No importó que Eduardo estuviera dormido casi todo el día siguiente. Les dio una ilusión de calma que duró hasta la tarde, cuando Isabel y Martín se dieron cuenta de que tenían que ir a trabajar el lunes temprano y no podrían dejarlo solo.
Llamaron a Elda, esperando que dijera que no. Pensaron que mandaría a Omar y a su familia entera al infierno, pero le ganó la curiosidad.
—¿Sabrina lo mandó? ¿Después de tanto tiempo?
—Me lo dijo como si no me creyera —dijo Martín, contándole la conversación a Isabel—. Como si jurara que recogí al niño equivocado.
—¿Pero lo va a cuidar?
—Mi hermana y ella van a llegar temprano en la mañana.
Isabel sintió el estómago hecho nudo.

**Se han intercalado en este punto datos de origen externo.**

(* For every finite rooted forest $F$, the sequence of coefficients of the descent polynomial $A_F(q)$ is unimodal, i.e. writing $A_F(q)=\sum_{k=0}^{e}a_kq^k$ (with $e$ the number of edges of $F$), there is an index $j$ with $a_0\le a_1\le\cdots\le a_j\ge a_{j+1}\ge\cdots\ge a_e$.
   Context: A rooted forest $F$ is a finite disjoint union of rooted trees; each non-root vertex $v$ has a unique parent. A labeling of $F$ with $n$ vertices is a bijection $w: V(F)\to\{1,\dots,n\}$; $\mathcal{W}(F)$ denotes the set of all $n!$ labelings. The descent set is $\mathrm{Des}(F,w)=\{v\in V(F): v \text{ has a parent } u \text{ and } w(v)>w(u)\}$, and $\mathrm{des}(F,w)=|\mathrm{Des}(F,w)|$. The descent polynomial is $A_F(q)=\sum_{w\in\mathcal{W}(F)} q^{\mathrm{des}(F,w)}$. *)

From mathcomp Require Import all_boot  .
Set Implicit Arguments. Unset Strict Implicit. Unset Printing Implicit Defensive.

(* A rooted forest on the finite vertex type V is given by a parent map:
   [parent v = Some u] means u is the parent of v, [None] means v is a root. *)
Definition is_rooted_forest (V : finType) (parent : V -> option V) : Prop :=
  forall v : V, exists k : nat, iter k (obind parent) (Some v) = None.

(* Labelings: bijections V -> {1..|V|}, represented (shifted by one) as
   bijections V -> 'I_#|V|, i.e. V-indexed injective maps. *)
Definition descent (V : finType) (parent : V -> option V)
  (w : V -> nat) (v : V) : bool :=
  if parent v is Some u then w u < w v else false.

Definition des (V : finType) (parent : V -> option V) (w : V -> nat) : nat :=
  #|[pred v | descent parent w v]|.

Definition nedges (V : finType) (parent : V -> option V) : nat :=
  #|[pred v : V | parent v != None]|.

Definition desc_coef (V : finType) (parent : V -> option V) (k : nat) : nat :=
  #|[pred w : {ffun V -> 'I_#|V|} | injectiveb w &&
       (des parent (fun v => nat_of_ord (w v)) == k)]|.

Definition unimodal_upto (a : nat -> nat) (e : nat) : Prop :=
  exists2 j, j <= e &
    (forall i, i < j -> a i <= a i.+1) /\ (forall i, j <= i -> i < e -> a i.+1 <= a i).

From mathcomp Require Import all_boot.
From mathcomp Require Import zify.
Set Implicit Arguments. Unset Strict Implicit. Unset Printing Implicit Defensive.

(* Encode a labeling by the ordering [t] of the vertices by increasing label: a vertex
   is a descent iff its parent comes earlier in [t].  Reversing [t] exchanges descents
   and ascents along every edge, so a_k = a_(e-k).  Splitting the orderings of a vertex
   set S by their first vertex x, whose c_x children all become descents, gives
   a_k(S) = sum_x a_(k-c_x)(S \ x); since S \ x still carries at least e - 1 - c_x
   edges, induction on |S| yields a_k <= a_(k+1) whenever 2k+1 < e, and symmetry
   settles 2k+1 = e and the decreasing half. *)

Lemma index_rev (T : eqType) (s : seq T) x : uniq s -> x \in s ->
  index x (rev s) = size s - (index x s).+1.
Proof.
move=> s_uniq s_x; have lt_xs : index x s < size s by rewrite index_mem.
have def_x : x = nth x (rev s) (size s - (index x s).+1).
  rewrite nth_rev; last lia.
  by rewrite (_ : size s - _ = index x s) ?nth_index //; lia.
by rewrite {1}def_x index_uniq ?rev_uniq ?size_rev //; lia.
Qed.

Lemma eq_from_index (T : eqType) (s1 s2 : seq T) : uniq s1 -> perm_eq s1 s2 ->
  (forall x, index x s1 = index x s2) -> s1 = s2.
Proof.
case: s1 => [|x0 s1] s1_uniq eq_s12 eq_index.
  by move: eq_s12; rewrite perm_sym => /perm_nilP ->.
apply: (@eq_from_nth _ x0); first exact: perm_size.
move=> i lt_i; set x := nth x0 _ i.
have s2_x : x \in s2 by rewrite -(perm_mem eq_s12) mem_nth.
by rewrite -(nth_index x0 s2_x) -eq_index index_uniq.
Qed.

Lemma count_add (T : eqType) (a b c : pred T) s :
  {in s, forall x, c x = a x + b x :> nat} -> count c s = count a s + count b s.
Proof.
elim: s => //= x s IHs cab; rewrite cab ?mem_head // IHs => [|y s_y].
  exact: addnACA.
by apply: cab; rewrite inE s_y orbT.
Qed.

Lemma card_pred_count (T : finType) (P : pred T) : #|[pred x | P x]| = count P (enum T).
Proof. by rewrite cardE -size_filter enumT /enum_mem. Qed.

Lemma count_permutations_cons (T : eqType) (P : pred (seq T)) s :
  uniq s -> s != [::] ->
  count P (permutations s) = \sum_(x <- s) count (P \o cons x) (permutations (rem x s)).
Proof.
move=> s_uniq s_nil; rewrite (permP (permutationsE _)) ?lt0n ?size_eq0 //.
rewrite undup_id // count_flatten sumnE !big_map.
by apply: eq_bigr => x _; rewrite count_map.
Qed.

Lemma count_permutations_rev (T : eqType) (P : pred (seq T)) s :
  count P (permutations s) = count (P \o rev) (permutations s).
Proof.
suff /permP eq_counts : perm_eq (permutations s) (map rev (permutations s)).
  by rewrite eq_counts count_map.
apply: uniq_perm => [||t].
- exact: permutations_uniq.
- by rewrite (map_inj_uniq (can_inj revK)) permutations_uniq.
apply/idP/mapP => [s_t | [u s_u ->]].
  by exists (rev t); rewrite ?revK // mem_permutations perm_rev -mem_permutations.
by rewrite mem_permutations perm_rev -mem_permutations.
Qed.

Section OrderingDescents.

Variables (V : finType) (parent : V -> option V).
Hypothesis parent_neq : forall v, parent v != Some v.

Definition has_parent_in (S : seq V) v :=
  if parent v is Some u then u \in S else false.

Definition edges_in (S : seq V) := count (has_parent_in S) S.

Definition nchildren x (S : seq V) := count (fun v => parent v == Some x) S.

Definition descents (t : seq V) := count (descent parent (index^~ t)) t.

Definition desc_coef_on (S : seq V) k :=
  count (fun t => descents t == k) (permutations S).

Lemma edges_in_perm t S : perm_eq t S -> edges_in t = edges_in S.
Proof.
move=> eq_tS; rewrite /edges_in (permP eq_tS); apply: eq_count => v.
by rewrite /has_parent_in; case: (parent v) => // u; rewrite (perm_mem eq_tS).
Qed.

Lemma edges_in_cons x t : x \notin t ->
  edges_in (x :: t) = has_parent_in t x + nchildren x t + edges_in t.
Proof.
move=> t'x; rewrite /edges_in /= -addnA; congr addn.
  rewrite /has_parent_in; case E: (parent x) => [u|] //.
  by rewrite inE; case: eqP => // u_x; move: (parent_neq x); rewrite E u_x eqxx.
apply: count_add => v t_v; rewrite /has_parent_in.
case: (parent v) => [u|] //; rewrite inE.
case: (eqVneq u x) => [->|ux]; first by rewrite eqxx (negbTE t'x).
by rewrite -[Some u == Some x]/(u == x) (negbTE ux).
Qed.

Lemma descents_cons x t : x \notin t ->
  descents (x :: t) = nchildren x t + descents t.
Proof.
move=> t'x; rewrite /descents /=.
have -> : descent parent (fun y => if x == y then 0 else (index y t).+1) x = false.
  by rewrite /descent (eqxx x); case: (parent x).
apply: count_add => v t_v; rewrite /descent.
have -> : (x == v) = false by apply: contraNF t'x => /eqP->.
case: (parent v) => [u|] //=.
case: (eqVneq u x) => [->|ux].
  by rewrite eqxx (memNindex t'x) [size t < _]ltnNge index_size.
by rewrite ltnS -[Some u == Some x]/(u == x) (negbTE ux).
Qed.

Lemma descents_rev t : uniq t -> descents t + descents (rev t) = edges_in t.
Proof.
move=> t_uniq; rewrite /descents count_rev /edges_in; apply/esym/count_add => v t_v.
rewrite /has_parent_in /descent; case E: (parent v) => [u|] //.
have [t_u | t'u] := boolP (u \in t); last first.
  have t'u_rev : u \notin rev t by rewrite mem_rev.
  by rewrite (memNindex t'u) (memNindex t'u_rev) ![size _ < _]ltnNge !index_size.
have u'v : u != v by apply/eqP => uv; move: (parent_neq v); rewrite E uv eqxx.
have ne_uv : index u t != index v t.
  by apply: contra u'v => /eqP/(index_inj u t_u t_v)->.
have lt_ut : index u t < size t by rewrite index_mem.
have lt_vt : index v t < size t by rewrite index_mem.
rewrite (index_rev t_uniq t_u) (index_rev t_uniq t_v).
by case: ltnP => ?; case: ltnP => ? /=; lia.
Qed.

Lemma desc_coef_on_sym S k : uniq S -> k <= edges_in S ->
  desc_coef_on S (edges_in S - k) = desc_coef_on S k.
Proof.
move=> S_uniq le_kE; rewrite /desc_coef_on [RHS]count_permutations_rev.
apply: eq_in_count => t; rewrite mem_permutations => eq_tS /=.
have t_uniq : uniq t by rewrite (perm_uniq eq_tS).
have := descents_rev t_uniq; rewrite (edges_in_perm eq_tS).
(* [set] matches the two differently elaborated copies of [rev t]; [lia] would not. *)
set d_rev := descents (rev t) => sum_tE.
by apply/idP/idP => /eqP ?; apply/eqP; lia.
Qed.

Lemma desc_coef_on_cons S k : uniq S -> S != [::] ->
  desc_coef_on S k = \sum_(x <- S) (nchildren x (rem x S) <= k) *
                       desc_coef_on (rem x S) (k - nchildren x (rem x S)).
Proof.
move=> S_uniq S_nil; rewrite /desc_coef_on count_permutations_cons //.
apply: eq_big_seq => x _; set c := nchildren x (rem x S).
have shift t : t \in permutations (rem x S) -> descents (x :: t) = c + descents t.
  rewrite mem_permutations => eq_t; rewrite descents_cons; last first.
    by rewrite (perm_mem eq_t) mem_rem_uniqF.
  by congr addn; apply: (permP eq_t).
case: leqP => [le_ck | lt_kc]; rewrite ?mul1n ?mul0n.
  apply: eq_in_count => t /shift /= ->.
  by apply/idP/idP => /eqP ?; apply/eqP; lia.
rewrite (eq_in_count (a2 := pred0)) ?count_pred0 // => t /shift /= ->.
by apply/eqP; lia.
Qed.

Lemma desc_coef_on_leS S k : uniq S -> 2 * k < edges_in S ->
  desc_coef_on S k <= desc_coef_on S k.+1.
Proof.
have [n] := ubnP (size S); elim: n S k => // n IHn S k /ltnSE le_Sn S_uniq lt_2kE.
have [le_E | lt_E] := leqP (edges_in S) (2 * k).+1.
  rewrite -(desc_coef_on_sym (k := k.+1)) //; last lia.
  by rewrite (_ : edges_in S - k.+1 = k) //; lia.
have S_nil : S != [::] by apply: contraTneq lt_2kE => ->.
rewrite !desc_coef_on_cons // !big_seq; apply: leq_sum => x S_x.
set S' := rem x S; set c := nchildren x S'.
have x'S' : x \notin S' by rewrite mem_rem_uniqF.
have E_split := edges_in_cons x'S'.
rewrite -(edges_in_perm (perm_to_rem S_x)) -/c in E_split.
have le_pin1 : has_parent_in S' x <= 1 by case: has_parent_in.
case: (leqP c k) => [le_ck | lt_kc]; last by rewrite mul0n.
rewrite (leqW le_ck) !mul1n subSn //; apply: IHn.
- by move: S_nil; rewrite size_rem // -size_eq0; lia.
- exact: rem_uniq.
- lia.
Qed.

Lemma desc_coef_on_unimodal S : uniq S ->
  unimodal_upto (desc_coef_on S) (edges_in S).
Proof.
move=> S_uniq; exists (edges_in S %/ 2); first exact: leq_div.
split=> [i lt_ij | i le_ji lt_iE]; first by apply: desc_coef_on_leS => //; lia.
rewrite -(desc_coef_on_sym S_uniq lt_iE).
rewrite -(desc_coef_on_sym S_uniq (ltnW lt_iE)) (_ : _ - i = (edges_in S - i.+1).+1).
  by apply: desc_coef_on_leS => //; lia.
lia.
Qed.

End OrderingDescents.

Section Labelings.

Variable V : finType.

(* [enum_rank v] is only a default: [index v t < #|V|] when [t] orders [enum V]. *)
Definition labeling_of (t : seq V) : {ffun V -> 'I_#|V|} :=
  [ffun v => insubd (enum_rank v) (index v t)].

Lemma labeling_ofE t v : perm_eq t (enum V) -> labeling_of t v = index v t :> nat.
Proof.
move=> eq_t; rewrite ffunE val_insubd (_ : index v t < #|V|) //.
by rewrite cardE -(perm_size eq_t) index_mem (perm_mem eq_t) mem_enum.
Qed.

Lemma labeling_of_injective t : perm_eq t (enum V) -> injectiveb (labeling_of t).
Proof.
move=> eq_t; apply/injectiveP => u v /(congr1 val); rewrite /= !labeling_ofE //.
by apply: (index_inj u); rewrite (perm_mem eq_t) mem_enum.
Qed.

Lemma labeling_of_inj : {in permutations (enum V) &, injective labeling_of}.
Proof.
move=> t1 t2; rewrite !mem_permutations => eq_t1 eq_t2 eq_w.
apply: eq_from_index => [||v]; first by rewrite (perm_uniq eq_t1) enum_uniq.
  by rewrite (permPr eq_t2).
by rewrite -!labeling_ofE // eq_w.
Qed.

Lemma labelings_uniq : uniq (map labeling_of (permutations (enum V))).
Proof. by rewrite (map_inj_in_uniq labeling_of_inj) permutations_uniq. Qed.

Lemma mem_labelings w :
  (w \in map labeling_of (permutations (enum V))) = injectiveb w.
Proof.
set L := map _ _; set Inj := [set w : {ffun V -> 'I_#|V|} | injectiveb w].
have sub_L : L \subset Inj.
  apply/subsetP => _ /mapP[t + ->].
  by rewrite mem_permutations inE; apply: labeling_of_injective.
have card_L : #|L| = #|Inj|.
  rewrite card_inj_ffuns card_ord ffactnn (card_uniqP labelings_uniq) size_map.
  by rewrite size_permutations ?enum_uniq // -cardE.
by rewrite (subset_cardP card_L sub_L) inE.
Qed.

Lemma des_labeling_of (parent : V -> option V) t : perm_eq t (enum V) ->
  des parent (fun v => labeling_of t v) = descents parent t.
Proof.
move=> eq_t; rewrite /des card_pred_count -(permP eq_t); apply: eq_count => v.
by rewrite /descent; case: (parent v) => // u; rewrite !labeling_ofE.
Qed.

Lemma desc_coefE (parent : V -> option V) k :
  desc_coef parent k = desc_coef_on parent (enum V) k.
Proof.
set L := map labeling_of (permutations (enum V)).
transitivity
  #|[seq w : {ffun V -> 'I_#|V|} <- L | des parent (fun v => nat_of_ord (w v)) == k]|.
  by apply: eq_card => w; rewrite inE mem_filter mem_labelings andbC.
rewrite (card_uniqP (filter_uniq _ labelings_uniq)) size_filter count_map.
by apply: eq_in_count => t; rewrite mem_permutations => /des_labeling_of /= ->.
Qed.

End Labelings.

Lemma rooted_forest_parent_neq (V : finType) (parent : V -> option V) :
  is_rooted_forest parent -> forall v, parent v != Some v.
Proof.
move=> forest v; apply/eqP => loop_v; have [k] := forest v.
suff -> : iter k (obind parent) (Some v) = Some v by [].
by elim: k => //= k ->; rewrite /= loop_v.
Qed.

Lemma nedgesE (V : finType) (parent : V -> option V) :
  nedges parent = edges_in parent (enum V).
Proof.
rewrite /nedges card_pred_count; apply: eq_count => v.
by rewrite /has_parent_in; case: (parent v) => // u; rewrite mem_enum.
Qed.

Theorem theorem2p3 (V : finType) (parent : V -> option V) :
  is_rooted_forest parent ->
  unimodal_upto (desc_coef parent) (nedges parent).
Proof.
move=> /rooted_forest_parent_neq parent_neq.
have [j le_jE [incr decr]] := desc_coef_on_unimodal parent_neq (enum_uniq V).
exists j; rewrite nedgesE //.
by split=> i *; rewrite !desc_coefE; [apply: incr | apply: decr].
Qed.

Así se quedó toda esa noche y hasta la mañana siguiente, cuando todos se saludaron, amontonados en el pasillo.
—Mírate nada más, más alto que tu mamá —dijo Elda sin formalidades. Abrazó a Eduardo con cuidado, como preocupada de no asustarlo. Cuando Claudia sólo le tendió su mano derecha, Elda dijo:
—La última vez que viste a Eduardo era apenas un bebé. Gordito, siempre riéndose. Lloraste a la hora de irnos.
—No me acuerdo.
Claudia le dio la mano y les lanzó a los demás una sonrisa sarcástica, con los labios apretados. Algunas cosas no cambiaban con los años.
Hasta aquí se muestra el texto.